The Session Laws of Georgia for 1907, p. 81, now embodied in section 426 of the Georgia Penal Code, declares that:
'It shall not be lawful for any person within the limits of this state to sell or barter for valuable consideration, either directly or indirectly, or give away to induce trade at any place of business, or keep or furnish at any other * * * places, or manufacture, or keep on hand at their place of business any alcoholic, spirituous, malt, or intoxicating liquors, or intoxicating bitters, or other drinks which, if drunk to excess, will produce intoxication; and any person so offending shall be guilty of a misdemeanor.'
By Act of November 17, 1915 (Laws Ga. Ex. Sess. 1915, p. 77) § 2, it is provided:
'It shall be unlawful for any person * * * to manufacture, sell, offer for sale, * * * keep on hand at a place of business or at or in any social, fraternal or locker club, or otherwise dispose of any of the prohibited liquors and beverages described in section 1 of this act, or any of them, in any quantity; but this inhibition does not include, and nothing in this act shall affect, the social serving of such liquors and beverages in private residences in ordinary social intercourse.'
'Sec. 20. Be it further enacted by the authority aforesaid, that no property rights of any kind shall exist in said prohibited liquors and beverages, or in the vessels kept or used for the purpose of violating any provision of this act or any law for the promotion of temperance or for the suppression of the evils of intemperance; nor in any such liquors when received, possessed or stored at any forbidden place or anywhere in a quantity forbidden by law, or when kept, stored or deposited in any place in this state for the purpose of sale or unlawful disposition or unlawful furnishing or distribution; and in all such cases the liquors and beverages, and the vessels and receptacles in which such liquors are contained, and the property herein named, kept or used for the purpose of violating the law as aforesaid, are hereby declared to be contraband and are to be forfeited to the state when seized, and may be ordered and condemned to be destroyed after seizure by order of the court that has acquired jurisdiction over the same, or by order of the judge or court after conviction when such liquors and such property named have been seized for use as evidence.'
By Act of March 28, 1917 (Laws Ga. Ex. Sess. 1917, p. 7), it is declared that:
'It shall be unlawful for any corporation, firm, person or individual to receive from any common carrier, corporation, firm, person or individual, or to have, control or possess, in this state, any of said enumerated liquors or beverages whether intended for personal use or otherwise, save as is hereinafter excepted.' The provision of 1915 which permitted the social serving of liquors and beverages in private residences and in ordinary social intercourse was expressly repealed by the act of 1917. Under other provisions liquor and wine may be held for medicinal, mechanical and sacramental purposes on special permits.

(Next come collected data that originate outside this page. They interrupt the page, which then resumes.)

(* Let $u\in S$ and assume $\hat\sigma(u)>0$. Then there exists $\tau_0>0$ such that $\lambda(u+\tau\hat d(u))>\lambda(u)$ for all $\tau\in(0,\tau_0)$.
   Context: $T,G:\mathbb{R}^n\to\mathbb{R}^n$ are continuously differentiable; $S\subset\mathbb{R}^n$ is open with $\langle G(u),\psi\rangle>0$ for all $u\in S$ and all nonzero $\psi$ with nonnegative entries. For $u\in S$: $f_i(u)=T_i(u)/G_i(u)$, $\lambda(u)=\min_i f_i(u)$, $N(u)=\{i:f_i(u)=\lambda(u)\}=\{i_1<\dots<i_N\}$, $\mathcal{A}_{N(u)}(u)$ is the $n\times N$ matrix with columns $\nabla f_{i_1}(u),\dots,\nabla f_{i_N}(u)$. Let $\hat\alpha(u)$ be a minimizer of $\|\mathcal{A}_{N(u)}(u)\alpha\|^2$ over $\{\alpha\in\mathbb{R}^N:\alpha_k\ge0,\sum_k\alpha_k=1\}$, $\hat\sigma(u)=\|\mathcal{A}_{N(u)}(u)\hat\alpha(u)\|$, and, when $\hat\sigma(u)>0$, $\hat d(u)=\mathcal{A}_{N(u)}(u)\hat\alpha(u)/\|\mathcal{A}_{N(u)}(u)\hat\alpha(u)\|$. *)

(* Points of R^n are column vectors 'cV[R]_n.+1
   (the dimension is n.+1 >= 1 so that lambda = min_i f_i is defined). *)
From HB Require Import structures.
From mathcomp Require Import all_boot all_order all_algebra.
From mathcomp Require Import all_classical all_reals all_analysis.
Set Implicit Arguments. Unset Strict Implicit. Unset Printing Implicit Defensive.
Import Order.TTheory GRing.Theory Num.Theory.
Import numFieldNormedType.Exports.
Local Open Scope classical_set_scope.
Local Open Scope ring_scope.

Section Defs.
Variables (R : realType) (n : nat).
Notation V := 'cV[R]_n.+1.

Definition ebasis (j : 'I_n.+1) : V := delta_mx j 0.

Definition C1map (F : V -> V) : Prop :=
  (forall x, differentiable F x) /\
  (forall (i j : 'I_n.+1),
      continuous (fun x => 'D_(ebasis j) (fun y => F y i 0) x)).

Definition dotv (x y : V) : R := \sum_(i < n.+1) x i 0 * y i 0.
Definition enorm (m : nat) (x : 'cV[R]_m) : R :=
  Num.sqrt (\sum_(i < m) x i 0 ^+ 2).

Definition grad (h : V -> R) (u : V) : V :=
  \col_(j < n.+1) 'D_(ebasis j) h u.

Variables (T G : V -> V).

Definition fi (i : 'I_n.+1) (u : V) : R := T u i 0 / G u i 0.
Definition lam (u : V) : R := \big[Num.min/fi ord0 u]_(i < n.+1) fi i u.
Definition Nset (u : V) : {set 'I_n.+1} := [set i | fi i u == lam u].

(* the n x N matrix whose k-th column is grad f_{i_k}, i_1 < ... < i_N *)
Definition Amat (u : V) : 'M[R]_(n.+1, #|Nset u|) :=
  \matrix_(j < n.+1, k < #|Nset u|) grad (fi (enum_val k)) u j 0.

Definition simplex (m : nat) (a : 'cV[R]_m) : Prop :=
  (forall k, 0 <= a k 0) /\ \sum_(k < m) a k 0 = 1.

Definition is_alpha_hat (u : V) (a : 'cV[R]_#|Nset u|) : Prop :=
  simplex a /\
  forall b : 'cV[R]_#|Nset u|, simplex b ->
    enorm (Amat u *m a) ^+ 2 <= enorm (Amat u *m b) ^+ 2.

Definition sigma_hat (u : V) (a : 'cV[R]_#|Nset u|) : R := enorm (Amat u *m a).
Definition d_hat (u : V) (a : 'cV[R]_#|Nset u|) : V :=
  (sigma_hat a)^-1 *: (Amat u *m a).
End Defs.

(* At an active index i (f_i u = lambda u), the optimality of alpha_hat over
   the simplex gives <A alpha, grad f_i u> >= ||A alpha||^2 = sigma^2 > 0, so
   the directional derivative of f_i along d_hat is positive and f_i increases
   strictly above lambda u for small tau > 0. Inactive indices satisfy
   f_i u > lambda u, which persists for small tau by continuity. Hence every
   f_i, and so their minimum, exceeds lambda u on some interval (0, tau0). *)

From HB Require Import structures.
From mathcomp Require Import all_boot all_order all_algebra.
From mathcomp Require Import all_classical all_reals all_analysis.
From mathcomp Require Import ring lra.
Import Order.TTheory GRing.Theory Num.Theory.
Import numFieldNormedType.Exports.
Local Open Scope classical_set_scope.
Local Open Scope ring_scope.

Lemma enorm_sqr (R : realType) m (x : 'cV[R]_m) :
  enorm x ^+ 2 = \sum_(i < m) x i 0 ^+ 2.
Proof. by rewrite /enorm sqr_sqrtr // sumr_ge0 // => i _; rewrite sqr_ge0. Qed.

Lemma simplex_lerp_delta (R : realType) m (a : 'cV[R]_m) (k : 'I_m) (t : R) :
  simplex a -> 0 <= t <= 1 -> simplex ((1 - t) *: a + t *: delta_mx k 0).
Proof.
move=> [a_ge0 sum_a] /andP[t_ge0 t_le1]; split=> [l|].
  by rewrite !mxE addr_ge0 ?mulr_ge0 ?subr_ge0.
rewrite (eq_bigr (fun l => (1 - t) * a l 0 + t * delta_mx k (0 : 'I_1) l 0));
  last by move=> l _; rewrite !mxE.
rewrite big_split /= -!mulr_sumr sum_a (bigD1 k) //= big1 ?mxE ?eqxx ?addr0.
  by rewrite /= !mulr1 subrK.
by move=> l /negbTE lk; rewrite mxE lk.
Qed.

Lemma affine_ge0_near0_ge0 (R : realFieldType) (a b : R) :
  (forall t, 0 < t <= 1 -> 0 <= a + t * b) -> 0 <= a.
Proof.
move=> affine_ge0; rewrite leNgt; apply/negP => a_lt0.
have den_gt0 : 0 < `|b| - a by rewrite subr_gt0 (lt_le_trans a_lt0).
pose t := - a / (`|b| - a).
have t_gt0 : 0 < t by rewrite divr_gt0 // oppr_gt0.
have t_den : t * (`|b| - a) = - a by rewrite divfK // gt_eqF.
have t_le1 : t <= 1 by rewrite -(ler_pM2r den_gt0) mul1r t_den lerDr normr_ge0.
have tb_le : t * b <= t * `|b| by rewrite ler_pM2l // ler_norm.
have ta_lt0 : t * a < 0 by rewrite pmulr_rlt0.
have := affine_ge0 t; rewrite t_gt0 t_le1 => /(_ isT).
have : t * `|b| = - a + t * a by rewrite -t_den mulrBr; ring.
lra.
Qed.

(* Moving from a towards the vertex e_k stays in the simplex, so the slope of
   ||A b||^2 at a along this segment is nonnegative. *)
Lemma simplex_argmin_le (R : realType) m p (A : 'M[R]_(m, p)) (a : 'cV[R]_p)
  (k : 'I_p) :
  simplex a ->
  (forall b, simplex b -> enorm (A *m a) ^+ 2 <= enorm (A *m b) ^+ 2) ->
  enorm (A *m a) ^+ 2 <= \sum_(j < m) (A *m a) j 0 * A j k.
Proof.
move=> sa amin; set w := A *m a.
pose z j := A j k - w j 0.
pose P := \sum_(j < m) w j 0 * z j.
pose Q := \sum_(j < m) z j ^+ 2.
have expand t : enorm (A *m ((1 - t) *: a + t *: delta_mx k 0)) ^+ 2
    - enorm w ^+ 2 = t * (2 * P + t * Q).
  rewrite mulmxDr -!scalemxAr -colE !enorm_sqr -sumrB.
  rewrite /P /Q mulr_sumr mulrDr !mulr_sumr -big_split /=.
  by apply: eq_bigr => j _; rewrite /z !mxE; ring.
have twoP_ge0 : 0 <= 2 * P.
  apply: (@affine_ge0_near0_ge0 _ _ Q) => t /andP[t_gt0 t_le1].
  rewrite -(pmulr_rge0 _ t_gt0) -expand subr_ge0.
  by apply/amin/simplex_lerp_delta => //; rewrite ltW.
rewrite enorm_sqr -subr_ge0.
have -> : \sum_(j < m) w j 0 * A j k - \sum_(j < m) w j 0 ^+ 2 = P.
  by rewrite -sumrB; apply: eq_bigr => j _; rewrite /z; ring.
by rewrite -(pmulr_rge0 _ (ltr0Sn _ 1)).
Qed.
Arguments simplex_argmin_le {R m p A a}.

Section RightOfZero.
Context {R : realType} {V : normedModType R}.

Lemma near_right0P {P : R -> Prop} :
  (\forall t \near 0^'+, P t) ->
  exists e : R, 0 < e /\ forall t, 0 < t < e -> P t.
Proof.
rewrite near_withinE => /nbhs_ballP[e e_gt0 Pe].
exists e; split=> // t /andP[t_gt0 t_lt_e]; apply: Pe => //.
by rewrite -ball_normE /= sub0r normrN gtr0_norm.
Qed.

Lemma derive_gt0_near_right (f : V -> R) (a v : V) :
  derivable f a v -> 0 < 'D_v f a ->
  \forall t \near 0^'+, f a < f (t *: v + a).
Proof.
move=> df Df_gt0.
apply: filterS2 (nbhs_right_gt 0) (cvgr_gt _ (cvg_dnbhs_at_right df) 0 Df_gt0)
  => t t_gt0 /=.
by rewrite -[_ *: _]/(_ * _) pmulr_rgt0 ?invr_gt0 // subr_gt0.
Qed.

Lemma differentiable_near_right (f : V -> R) (a v : V) (c : R) :
  differentiable f a -> c < f a ->
  \forall t \near 0^'+, c < f (t *: v + a).
Proof.
move=> df c_lt.
have line_cont : {for 0, continuous (fun h : R => f (h *: v + a))}.
  apply: differentiable_continuous.
  apply: (@differentiable_comp _ _ _ _ (fun h : R => h *: v + a) f).
    by apply: differentiableD => //; exact: differentiableZl.
  by rewrite /= scale0r add0r.
move: line_cont; rewrite /prop_for /continuous_at scale0r add0r => line_cont.
exact: cvgr_gt _ (cvg_within_filter _ line_cont) c c_lt.
Qed.

End RightOfZero.

Section Gradient.
Context {R : realType} {n : nat}.
Notation V := 'cV[R]_n.+1.

Lemma dotv_delta (x : V) (i : 'I_n.+1) : dotv x (delta_mx i 0) = x i 0.
Proof.
rewrite /dotv (bigD1 i) //= big1 ?mxE ?eqxx ?mulr1 ?addr0 //.
by move=> j /negbTE ji; rewrite mxE ji mulr0.
Qed.

Lemma coord_gt0_of_dotv_gt0 (x : V) (i : 'I_n.+1) :
  (forall psi : V, (forall j, 0 <= psi j 0) -> psi != 0 -> 0 < dotv x psi) ->
  0 < x i 0.
Proof.
move=> x_pos; rewrite -dotv_delta; apply: x_pos => [j|].
  by rewrite mxE ler0n.
apply/negP => /eqP /matrixP /(_ i 0); rewrite !mxE !eqxx /=.
by apply/eqP; exact: oner_neq0.
Qed.

Lemma derive_dotv_grad (f : V -> R) (u v : V) :
  differentiable f u -> 'D_v f u = dotv (grad f u) v.
Proof.
move=> df; rewrite deriveE // {1}(matrix_sum_delta v) linear_sum /=.
apply: eq_bigr => j _; rewrite big_ord1 linearZ /= mxE deriveE //.
by rewrite /ebasis mulrC.
Qed.

End Gradient.

Section ActiveIndices.
Context {R : realType} {n : nat} {T G : 'cV[R]_n.+1 -> 'cV[R]_n.+1}.
Notation V := 'cV[R]_n.+1.

Lemma lam_le_fi (i : 'I_n.+1) (v : V) : lam T G v <= fi T G i v.
Proof. by rewrite /lam (bigD1 i) //= ge_min lexx. Qed.

Lemma lt_lam (c : R) (v : V) :
  (forall i, c < fi T G i v) -> c < lam T G v.
Proof.
move=> c_lt; rewrite /lam.
by apply: (big_ind (fun x => c < x)) => // x y cx cy; rewrite lt_min cx cy.
Qed.

Lemma Nset_fi {u : V} {i : 'I_n.+1} : i \in Nset T G u -> fi T G i u = lam T G u.
Proof. by rewrite inE => /eqP. Qed.

Lemma notin_Nset_lt {u : V} {i : 'I_n.+1} :
  i \notin Nset T G u -> lam T G u < fi T G i u.
Proof. by rewrite inE lt_neqAle lam_le_fi andbT eq_sym. Qed.

Lemma differentiable_fi (u : V) (i : 'I_n.+1) :
  differentiable T u -> differentiable G u -> G u i 0 != 0 ->
  differentiable (fi T G i) u.
Proof.
move=> dT dG Gi_neq0.
have -> : fi T G i = (fun y => T y i 0) * (fun y => (G y i 0)^-1) by [].
apply: differentiableM.
  exact: differentiable_comp dT (differentiable_coord _ i 0).
apply: differentiableV => //.
exact: differentiable_comp dG (differentiable_coord _ i 0).
Qed.

Lemma Amat_enum_rank (u : V) (i : 'I_n.+1) (iN : i \in Nset T G u) j :
  Amat T G u j (enum_rank_in iN i) = grad (fi T G i) u j 0.
Proof. by rewrite mxE enum_rankK_in. Qed.

Lemma derive_d_hat_gt0 (u : V) (alpha : 'cV[R]_#|Nset T G u|) (i : 'I_n.+1) :
  is_alpha_hat alpha -> 0 < sigma_hat alpha ->
  differentiable (fi T G i) u -> i \in Nset T G u ->
  0 < 'D_(d_hat alpha) (fi T G i) u.
Proof.
move=> [alpha_simplex alpha_min] sigma_gt0 dfi iN.
have opt := simplex_argmin_le (enum_rank_in iN i) alpha_simplex alpha_min.
have -> : 'D_(d_hat alpha) (fi T G i) u = (sigma_hat alpha)^-1 *
    \sum_j (Amat T G u *m alpha) j 0 * Amat T G u j (enum_rank_in iN i).
  rewrite derive_dotv_grad // /dotv mulr_sumr; apply: eq_bigr => j _.
  by rewrite Amat_enum_rank /d_hat [X in _ * X = _]mxE; ring.
apply: mulr_gt0; first by rewrite invr_gt0.
apply: lt_le_trans opt.
by rewrite exprn_gt0.
Qed.

End ActiveIndices.

Theorem corollary3 (R : realType) (n : nat) (T G : 'cV[R]_n.+1 -> 'cV[R]_n.+1)
  (S : set 'cV[R]_n.+1)
  (hT : C1map T) (hG : C1map G) (hS : open S)
  (hpos : forall u, S u -> forall psi : 'cV[R]_n.+1,
            (forall i, 0 <= psi i 0) -> psi != 0 -> 0 < dotv (G u) psi)
  (u : 'cV[R]_n.+1) (hu : S u)
  (alpha : 'cV[R]_#|Nset T G u|) (halpha : is_alpha_hat alpha)
  (hsig : 0 < sigma_hat alpha) :
  exists tau0 : R, 0 < tau0 /\
    forall tau : R, 0 < tau < tau0 ->
      lam T G u < lam T G (u + tau *: d_hat alpha).
Proof.
have dfi i : differentiable (fi T G i) u.
  apply: differentiable_fi (hT.1 u) (hG.1 u) _.
  by rewrite gt_eqF //; apply: coord_gt0_of_dotv_gt0; exact: hpos.
have near_all i : \forall t \near 0^'+,
    lam T G u < fi T G i (t *: d_hat alpha + u).
  have [iN|iN] := boolP (i \in Nset T G u).
    rewrite -(Nset_fi iN); apply: derive_gt0_near_right.
      exact: diff_derivable.
    exact: derive_d_hat_gt0.
  exact: differentiable_near_right (notin_Nset_lt iN).
have [tau0 [tau0_gt0 near_tau]] := near_right0P (filter_forall _ near_all).
exists tau0; split=> // tau /near_tau lt_fi.
by apply: lt_lam => i; rewrite addrC.
Qed.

There are not claimed to be any circumstances in this case excepting the liquors here seized from the condemnation of the act of 1917.
Three grounds are urged for reversal: First, the 1917 law under which liquor lawfully acquired can be seized and destroyed is an ex post facto law. Second, the law in punishing the owner for possessing liquor he had lawfully acquired before its enactment, deprives him of his property without due process. Third, it violates the due process requirement by the seizure and destruction of the liquor without giving the possessor his day in court.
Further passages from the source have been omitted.